Pese a la búsqueda de lo saludable, también hay otros alimentos que no lo son tanto pero que triunfan hoy en su tienda, como las palomitas o los perritos calientes a un euro, que Marisa despacha en una sencilla máquina con el mismo proveedor que suministraba a la desaparecida cadena de cafeterías Nebraska. “El tipo de salchicha es lo que hace que le guste a la gente”, afirma segura mientras nos da a probar. Están buenísimos.

La tienda de Marisa, ahora en traspaso, es una rara avis en la particular mancomunidad donde se asienta, un grupo de propietarios que nació en los ochenta después de que el Estado vendiera sus viviendas y locales a los trabajadores del Parque Móvil, lo que conformó una especie de pequeño pueblo en mitad de Chamberí, donde solo han quedado tres comercios en su interior. En su local antes había una de las sastrerías de Palomeque, centenario negocio de confección que tejía los uniformes de los conductores del parque ministerial.

“Conozco a los niños de esta zona desde que nacen, son como si fueran de mi familia, luego acaban creciendo, se hacen padres también y traen a sus niños al colegio y a la tienda”, explica. Como buena vendedora, Marisa conoce bien a sus principales clientes: “Me sé el nombre de muchísimos niños, no el de la mayoría de padres. Para mí siempre son el papá de o la mamá de”.

El cariño de Marisa hacia sus pequeños clientes es recíproco, aunque en alguna ocasión le hayan hecho rabiar. El último día de curso, decenas de niños le organizaron su propia despedida antes de las vacaciones. Ya sabían que se jubilaba y le prepararon un gran cuaderno lleno de dibujos, mensajes de cariño y fotos. Además, le entregaron un ramo de flores y le rodearon de ovaciones y aplausos. La tendera se emocionó. “Es muy bonito que la gente te quiera, sobre todo que te quieran los niños”, cuenta mientras enseña orgullosa los regalos que recibió.

“Se nos olvida casi todo en la vida, pero donde compramos las chuches lo recordamos siempre. Todo el mundo recuerda cómo se llamaba la persona que te los vendía”, afirma. “Yo suelo bromear diciendo que esta es un poco mi inmortalidad, la gente que ha pasado por aquí contará a sus hijos que compraban los dulces en la tienda de Marisa”.
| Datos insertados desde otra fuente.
(* There is a unique mass distribution $(m_1',m_2',m_3')$ (positive, with $m_1'+m_2'+m_3'=1$) such that $m_1'\hat{\mathbf b}_1+m_2'\hat{\mathbf b}_2+m_3'\hat{\mathbf b}_3=0$, namely the dual masses $m_i'=\frac12(1-m_i)$.
   Context: Masses $m_1,m_2,m_3>0$, $m_1+m_2+m_3=1$. The shape sphere (oriented m-triangles $(\mathbf a_i)$, $\sum m_i\mathbf a_i=0$, with $\sum m_i|\mathbf a_i|^2=1$, modulo rotation, with the kinematic metric, a round sphere of radius $1/2$) is magnified by factor $2$ and identified isometrically with the unit sphere $S^2(1)\subset\mathbb R^3$ so that the equator of collinear shapes is the circle $x^2+y^2=1$, $z=0$ and positively oriented shapes have $z>0$. $\hat{\mathbf b}_1,\hat{\mathbf b}_2,\hat{\mathbf b}_3$ are the unit vectors representing the binary collision shapes $\mathbf a_2=\mathbf a_3$, $\mathbf a_3=\mathbf a_1$, $\mathbf a_1=\mathbf a_2$ respectively. *)

From HB Require Import structures.
From mathcomp Require Import all_boot all_order all_algebra.
Set Implicit Arguments. Unset Strict Implicit. Unset Printing Implicit Defensive.
Import Order.TTheory GRing.Theory Num.Theory.
Local Open Scope ring_scope.

Definition pt (R : Type) := (R * R)%type.
Definition cfg (R : Type) := (pt R * pt R * pt R)%type.
Definition cA1 {R} (c : cfg R) : pt R := c.1.1.
Definition cA2 {R} (c : cfg R) : pt R := c.1.2.
Definition cA3 {R} (c : cfg R) : pt R := c.2.

Section Shape.
Variable R : rcfType.
Variables m1 m2 m3 : R.

Definition padd (p q : pt R) : pt R := (p.1 + q.1, p.2 + q.2).
Definition pscale (k : R) (p : pt R) : pt R := (k * p.1, k * p.2).
Definition psub (p q : pt R) : pt R := (p.1 - q.1, p.2 - q.2).
Definition pdot (p q : pt R) : R := p.1 * q.1 + p.2 * q.2.
Definition pcross (p q : pt R) : R := p.1 * q.2 - p.2 * q.1.

Definition centered (c : cfg R) : Prop :=
  padd (padd (pscale m1 (cA1 c)) (pscale m2 (cA2 c))) (pscale m3 (cA3 c)) = (0, 0).

Definition normalized (c : cfg R) : Prop :=
  m1 * pdot (cA1 c) (cA1 c) + m2 * pdot (cA2 c) (cA2 c)
  + m3 * pdot (cA3 c) (cA3 c) = 1.

Definition shape_config (c : cfg R) : Prop := centered c /\ normalized c.

(* mass-weighted Jacobi coordinates; the map c |-> (xi1, xi2) is an isometry
   for the kinematic metric onto R^4 = C^2 *)
Definition jacobi1 (c : cfg R) : pt R :=
  pscale (Num.sqrt (m2 * m3 / (m2 + m3))) (psub (cA3 c) (cA2 c)).
Definition jacobi2 (c : cfg R) : pt R :=
  pscale (Num.sqrt (m1 * (m2 + m3)))
    (psub (cA1 c) (pscale (m2 + m3)^-1
                     (padd (pscale m2 (cA2 c)) (pscale m3 (cA3 c))))).

(* Hopf map (xi1, xi2) |-> (|xi1|^2 - |xi2|^2, 2 Re(xi1 conj xi2),
   2 Im(conj xi1 xi2)): it is invariant under rotations of the triangle and
   identifies the shape sphere (radius 1/2, kinematic metric), magnified by 2,
   isometrically with the unit sphere S^2(1); collinear shapes go to z = 0 and
   positively oriented (counterclockwise) triangles to z > 0. *)
Definition shape_point (c : cfg R) : 'rV[R]_3 :=
  let u := jacobi1 c in let v := jacobi2 c in
  \row_(i < 3) [:: pdot u u - pdot v v; 2 * pdot u v; 2 * pcross u v]`_i.

End Shape.

Definition e3 {R : nzRingType} : 'rV[R]_3 := \row_(i < 3) (i == 2%N :> nat)%:R.

(* Q (acting on row vectors v |-> v *m Q) is an isometry of R^3 *)
Definition orthogonal_mx {R : nzRingType} (Q : 'M[R]_3) : Prop := Q *m Q^T = 1%:M.

From HB Require Import structures.
From mathcomp Require Import all_boot all_order all_algebra.
From mathcomp Require Import ring lra.
Import Order.TTheory GRing.Theory Num.Theory.
Set Implicit Arguments. Unset Strict Implicit. Unset Printing Implicit Defensive.
Local Open Scope ring_scope.

(* At a binary collision the triangle is collinear, so both Jacobi vectors are
   multiples of the vector d joining the colliding pair to the third body, and
   the shape lies on the equator.  Lagrange's identity (inertia = sum of
   m_i m_j |a_i - a_j|^2 for a centred triangle of total mass 1) gives
   |d|^2 = 1/(m_k (1 - m_k)), which makes the three collision shapes explicit:
   b_1 = (-1, 0, 0), and b_2, b_3 with second coordinates of opposite signs.
   The linear relations among them form the line spanned by
   (1 - m_1, 1 - m_2, 1 - m_3), and the normalisation n_1 + n_2 + n_3 = 1
   selects the point with factor 1/2.  Only the invertibility of Q matters. *)

Lemma mulmx_orthogonal_eq0 (R : nzRingType) (Q : 'M[R]_3) (v : 'rV[R]_3) :
  orthogonal_mx Q -> v *m Q = 0 -> v = 0.
Proof. by move=> QQt vQ0; rewrite -[v]mulmx1 -QQt mulmxA vQ0 mul0mx. Qed.

Definition vec3 {R : nzRingType} (x y z : R) : 'rV[R]_3 :=
  \row_(i < 3) [:: x; y; z]`_i.

Section Vec3.
Variable R : nzRingType.
Implicit Types k x y z : R.

Lemma scale_vec3 k x y z : k *: vec3 x y z = vec3 (k * x) (k * y) (k * z).
Proof. by apply/rowP => i; rewrite !mxE; case: i => -[|[|[|]]] //= _; rewrite mulr0. Qed.

Lemma add_vec3 x y z x' y' z' :
  vec3 x y z + vec3 x' y' z' = vec3 (x + x') (y + y') (z + z').
Proof. by apply/rowP => i; rewrite !mxE; case: i => -[|[|[|]]] //= _; rewrite addr0. Qed.

Lemma vec3_eq0 x y z : vec3 x y z = 0 <-> [/\ x = 0, y = 0 & z = 0].
Proof.
split=> [/rowP e | [-> -> ->]].
  by split; [move: (e 0) | move: (e 1) | move: (e 2)]; rewrite !mxE.
by apply/rowP => i; rewrite !mxE; case: i => -[|[|[|]]].
Qed.

End Vec3.

Section PlaneAlgebra.
Variable R : rcfType.
Implicit Types (k l : R) (p q : pt R).

Lemma pdotZ k l p q : pdot (pscale k p) (pscale l q) = k * l * pdot p q.
Proof. rewrite /pdot /=; ring. Qed.

Lemma pcrossZ k l p q : pcross (pscale k p) (pscale l q) = k * l * pcross p q.
Proof. rewrite /pcross /=; ring. Qed.

Lemma pcrosspp p : pcross p p = 0.
Proof. by rewrite /pcross mulrC subrr. Qed.

Lemma lagrange_inertia (m1 m2 m3 : R) (a1 a2 a3 : pt R) :
  let G := padd (padd (pscale m1 a1) (pscale m2 a2)) (pscale m3 a3) in
  (m1 + m2 + m3) * (m1 * pdot a1 a1 + m2 * pdot a2 a2 + m3 * pdot a3 a3) =
  m1 * m2 * pdot (psub a1 a2) (psub a1 a2) + m2 * m3 * pdot (psub a2 a3) (psub a2 a3)
  + m3 * m1 * pdot (psub a3 a1) (psub a3 a1) + pdot G G.
Proof. rewrite /pdot /psub /padd /pscale /=; ring. Qed.

End PlaneAlgebra.

Section BinaryCollisions.
Variables (R : rcfType) (m1 m2 m3 : R).
Hypotheses (m1_gt0 : 0 < m1) (m2_gt0 : 0 < m2) (m3_gt0 : 0 < m3).
Hypothesis mass1 : m1 + m2 + m3 = 1.

Definition rel_jacobi1 (c : cfg R) : pt R := psub (cA3 c) (cA2 c).
Definition rel_jacobi2 (c : cfg R) : pt R :=
  psub (cA1 c) (pscale (m2 + m3)^-1 (padd (pscale m2 (cA2 c)) (pscale m3 (cA3 c)))).

Let K := Num.sqrt (m1 * m2 * m3).

Lemma shape_pointE c :
  shape_point m1 m2 m3 c =
  vec3 (m2 * m3 / (m2 + m3) * pdot (rel_jacobi1 c) (rel_jacobi1 c)
        - m1 * (m2 + m3) * pdot (rel_jacobi2 c) (rel_jacobi2 c))
       (2 * K * pdot (rel_jacobi1 c) (rel_jacobi2 c))
       (2 * K * pcross (rel_jacobi1 c) (rel_jacobi2 c)).
Proof.
have m23_gt0 : 0 < m2 + m3 by rewrite addr_gt0.
have w1_ge0 : 0 <= m2 * m3 / (m2 + m3) by rewrite ltW // divr_gt0 // mulr_gt0.
have w2_ge0 : 0 <= m1 * (m2 + m3) by rewrite ltW // mulr_gt0.
have sqrt_prod : Num.sqrt (m2 * m3 / (m2 + m3)) * Num.sqrt (m1 * (m2 + m3)) = K.
  by rewrite -sqrtrM //; congr Num.sqrt; field; rewrite gt_eqF.
rewrite /shape_point /jacobi1 /jacobi2 !pdotZ pcrossZ -!expr2 !sqr_sqrtr //.
by rewrite !mulrA -!(mulrA 2) sqrt_prod.
Qed.

Lemma inertia_pairwise c : shape_config m1 m2 m3 c ->
  m1 * m2 * pdot (psub (cA1 c) (cA2 c)) (psub (cA1 c) (cA2 c))
  + m2 * m3 * pdot (psub (cA2 c) (cA3 c)) (psub (cA2 c) (cA3 c))
  + m3 * m1 * pdot (psub (cA3 c) (cA1 c)) (psub (cA3 c) (cA1 c)) = 1.
Proof.
move=> [centered_c normalized_c].
have := @lagrange_inertia R m1 m2 m3 (cA1 c) (cA2 c) (cA3 c).
have pdot00 : pdot (0, 0) (0, 0) = 0 :> R by rewrite /pdot mul0r addr0.
by rewrite /= mass1 mul1r normalized_c centered_c pdot00 addr0 => <-.
Qed.

Lemma shape_point_collinear c (k l : R) (d : pt R) :
  rel_jacobi1 c = pscale k d -> rel_jacobi2 c = pscale l d ->
  shape_point m1 m2 m3 c =
  vec3 ((m2 * m3 / (m2 + m3) * k ^+ 2 - m1 * (m2 + m3) * l ^+ 2) * pdot d d)
       (2 * K * (k * l) * pdot d d) 0.
Proof.
move=> r1 r2; rewrite shape_pointE r1 r2 !pdotZ pcrossZ pcrosspp.
by congr vec3; ring.
Qed.

Definition collision_shape1 : 'rV[R]_3 := vec3 (-1) 0 0.
Definition collision_shape2 : 'rV[R]_3 :=
  vec3 ((m3 - m1 * m2) / ((1 - m1) * (1 - m2)))
       (2 * K / ((1 - m1) * (1 - m2))) 0.
Definition collision_shape3 : 'rV[R]_3 :=
  vec3 ((m2 - m1 * m3) / ((1 - m1) * (1 - m3)))
       (- (2 * K) / ((1 - m1) * (1 - m3))) 0.

Let m23E : m2 + m3 = 1 - m1. Proof. by rewrite -mass1; ring. Qed.
Let m13E : m1 + m3 = 1 - m2. Proof. by rewrite -mass1; ring. Qed.
Let m12E : m1 + m2 = 1 - m3. Proof. by rewrite -mass1; ring. Qed.
Let dual1_gt0 : 0 < 1 - m1. Proof. by rewrite -m23E addr_gt0. Qed.
Let dual2_gt0 : 0 < 1 - m2. Proof. by rewrite -m13E addr_gt0. Qed.
Let dual3_gt0 : 0 < 1 - m3. Proof. by rewrite -m12E addr_gt0. Qed.
Let K_gt0 : 0 < K. Proof. by rewrite sqrtr_gt0 !mulr_gt0. Qed.
Let neq0E := (gt_eqF m1_gt0, gt_eqF m2_gt0, gt_eqF m3_gt0, gt_eqF K_gt0,
  gt_eqF dual1_gt0, gt_eqF dual2_gt0, gt_eqF dual3_gt0, m23E, m13E, m12E).

Lemma shape_point_collision23 c :
  shape_config m1 m2 m3 c -> cA2 c = cA3 c ->
  shape_point m1 m2 m3 c = collision_shape1.
Proof.
move=> /inertia_pairwise inertia a23; set d := psub (cA1 c) (cA2 c).
have d_norm : pdot d d = (m1 * (1 - m1))^-1.
  rewrite -m23E -[RHS]mulr1 -inertia -a23 /d /pdot /psub /=.
  by field; rewrite !neq0E.
rewrite (@shape_point_collinear c 0 1 d) ?d_norm /collision_shape1.
- by congr vec3; rewrite ?m23E; field; rewrite !neq0E.
- by rewrite /rel_jacobi1 -a23 /psub /pscale /=; congr pair; ring.
- by rewrite /rel_jacobi2 -a23 /d /psub /pscale /padd /=; congr pair; field; rewrite !neq0E.
Qed.

Lemma shape_point_collision31 c :
  shape_config m1 m2 m3 c -> cA3 c = cA1 c ->
  shape_point m1 m2 m3 c = collision_shape2.
Proof.
move=> /inertia_pairwise inertia a31; set d := psub (cA1 c) (cA2 c).
have d_norm : pdot d d = (m2 * (1 - m2))^-1.
  rewrite -m13E -[RHS]mulr1 -inertia a31 /d /pdot /psub /=.
  by field; rewrite !neq0E.
rewrite (@shape_point_collinear c 1 (m2 / (m2 + m3)) d) ?d_norm /collision_shape2.
- by congr vec3; rewrite ?m23E; field; rewrite !neq0E.
- by rewrite /rel_jacobi1 a31 /d /psub /pscale /=; congr pair; ring.
- by rewrite /rel_jacobi2 a31 /d /psub /pscale /padd /=; congr pair; field; rewrite !neq0E.
Qed.

Lemma shape_point_collision12 c :
  shape_config m1 m2 m3 c -> cA1 c = cA2 c ->
  shape_point m1 m2 m3 c = collision_shape3.
Proof.
move=> /inertia_pairwise inertia a12; set d := psub (cA3 c) (cA1 c).
have d_norm : pdot d d = (m3 * (1 - m3))^-1.
  rewrite -m12E -[RHS]mulr1 -inertia -a12 /d /pdot /psub /=.
  by field; rewrite !neq0E.
rewrite (@shape_point_collinear c 1 (- m3 / (m2 + m3)) d) ?d_norm /collision_shape3.
- by congr vec3; rewrite ?m23E; field; rewrite !neq0E.
- by rewrite /rel_jacobi1 -a12 /d /psub /pscale /=; congr pair; ring.
- by rewrite /rel_jacobi2 -a12 /d /psub /pscale /padd /=; congr pair; field; rewrite !neq0E.
Qed.

Lemma collision_shapes_relation n1 n2 n3 :
  n1 *: collision_shape1 + n2 *: collision_shape2 + n3 *: collision_shape3 = 0 <->
  exists l, [/\ n1 = l * (1 - m1), n2 = l * (1 - m2) & n3 = l * (1 - m3)].
Proof.
rewrite !scale_vec3 !add_vec3 vec3_eq0.
set X2 := (m3 - _) / _; set Y2 := 2 * K / _.
set X3 := (m2 - _) / _; set Y3 := - _ / _.
have X_dual : (1 - m2) * X2 + (1 - m3) * X3 = 1 - m1.
  by rewrite /X2 /X3 -[in RHS]m23E; field; rewrite !neq0E.
have Y2E : Y2 = - ((1 - m3) * Y3) / (1 - m2).
  by rewrite /Y2 /Y3; field; rewrite !neq0E.
have Y3_neq0 : Y3 != 0.
  by rewrite /Y3 mulf_neq0 ?oppr_eq0 ?invr_eq0 ?mulf_neq0 ?pnatr_eq0 ?neq0E.
split=> [[ex ey _] | [l [-> -> ->]]].
  have n3E : n3 = n2 / (1 - m2) * (1 - m3).
    have : (n3 - n2 / (1 - m2) * (1 - m3)) * Y3 = 0.
      by rewrite -[RHS]ey Y2E; field; rewrite !neq0E.
    by move/eqP; rewrite mulf_eq0 (negbTE Y3_neq0) orbF subr_eq0 => /eqP.
  exists (n2 / (1 - m2)); split=> //; last by rewrite divfK ?neq0E.
  have -> : n1 = n2 * X2 + n3 * X3 by rewrite -[LHS]addr0 -ex; ring.
  by rewrite n3E -X_dual; field; rewrite !neq0E.
split; last by rewrite !mulr0 !addr0.
- transitivity (l * ((1 - m2) * X2 + (1 - m3) * X3 - (1 - m1))); first by ring.
  by rewrite X_dual subrr mulr0.
- by rewrite Y2E; field; rewrite !neq0E.
Qed.

End BinaryCollisions.

Theorem mainTheorem17 (R : rcfType) (m1 m2 m3 : R)
  (hm1 : 0 < m1) (hm2 : 0 < m2) (hm3 : 0 < m3) (hm : m1 + m2 + m3 = 1)
  (c1 c2 c3 : cfg R) (Q : 'M[R]_3) :
  (* c1, c2, c3 are normalised m-triangles with binary collisions
     a2 = a3, a3 = a1, a1 = a2 respectively *)
  shape_config m1 m2 m3 c1 -> cA2 c1 = cA3 c1 ->
  shape_config m1 m2 m3 c2 -> cA3 c2 = cA1 c2 ->
  shape_config m1 m2 m3 c3 -> cA1 c3 = cA2 c3 ->
  (* any isometric identification with S^2(1) keeping the equator and
     sending positively oriented shapes to z > 0 *)
  orthogonal_mx Q -> e3 *m Q = e3 ->
  let b1 := shape_point m1 m2 m3 c1 *m Q in
  let b2 := shape_point m1 m2 m3 c2 *m Q in
  let b3 := shape_point m1 m2 m3 c3 *m Q in
  let good (n1 n2 n3 : R) :=
    [/\ 0 < n1, 0 < n2, 0 < n3, n1 + n2 + n3 = 1
      & n1 *: b1 + n2 *: b2 + n3 *: b3 = 0] in
  good ((1 - m1) / 2) ((1 - m2) / 2) ((1 - m3) / 2) /\
  (forall n1 n2 n3 : R, good n1 n2 n3 ->
     [/\ n1 = (1 - m1) / 2, n2 = (1 - m2) / 2 & n3 = (1 - m3) / 2]).
Proof.
move=> col1 e1 col2 e2 col3 e3' orthoQ _ b1 b2 b3 good.
have relationE n1 n2 n3 : n1 *: b1 + n2 *: b2 + n3 *: b3 = 0 <->
    exists l, [/\ n1 = l * (1 - m1), n2 = l * (1 - m2) & n3 = l * (1 - m3)].
  rewrite -(collision_shapes_relation hm1 hm2 hm3 hm) /b1 /b2 /b3.
  rewrite (shape_point_collision23 hm1 hm2 hm3 hm col1 e1).
  rewrite (shape_point_collision31 hm1 hm2 hm3 hm col2 e2).
  rewrite (shape_point_collision12 hm1 hm2 hm3 hm col3 e3').
  rewrite !scalemxAl -!mulmxDl.
  by split=> [/(mulmx_orthogonal_eq0 orthoQ) | ->]; rewrite ?mul0mx.
split.
  split; [| | | by lra | by apply/relationE; exists 2^-1; split; rewrite mulrC];
    by rewrite divr_gt0 //; lra.
move=> n1 n2 n3 [_ _ _ sum_n /relationE [l [n1E n2E n3E]]].
have l2 : l * 2 = 1.
  rewrite -[RHS]sum_n n1E n2E n3E.
  by transitivity (l * (3 - (m1 + m2 + m3))); [rewrite hm | ]; ring.
have two_neq0 : 2 != 0 :> R by rewrite pnatr_eq0.
have l_half : l = 2^-1 by apply: (mulIf two_neq0); rewrite l2 mulVf.
by rewrite n1E n2E n3E l_half; split; rewrite mulrC.
Qed.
Uno de los escritos que recibió es buena muestra de la relación de afecto que le une a su clientela. Dice así: “Desde mi infancia recuerdo los domingos después de misa ir a comprar pistachos y chuches, en mi adolescencia comprar pipas y Coca Cola, y de mi época de mamá lo primero que aprendieron mis niños fue ir a la tienda de Marisa (...) te vamos a echar mucho de menos; pasa de vez en cuando por estos jardines para que veas a tus niños, lo grandes que se han hecho”.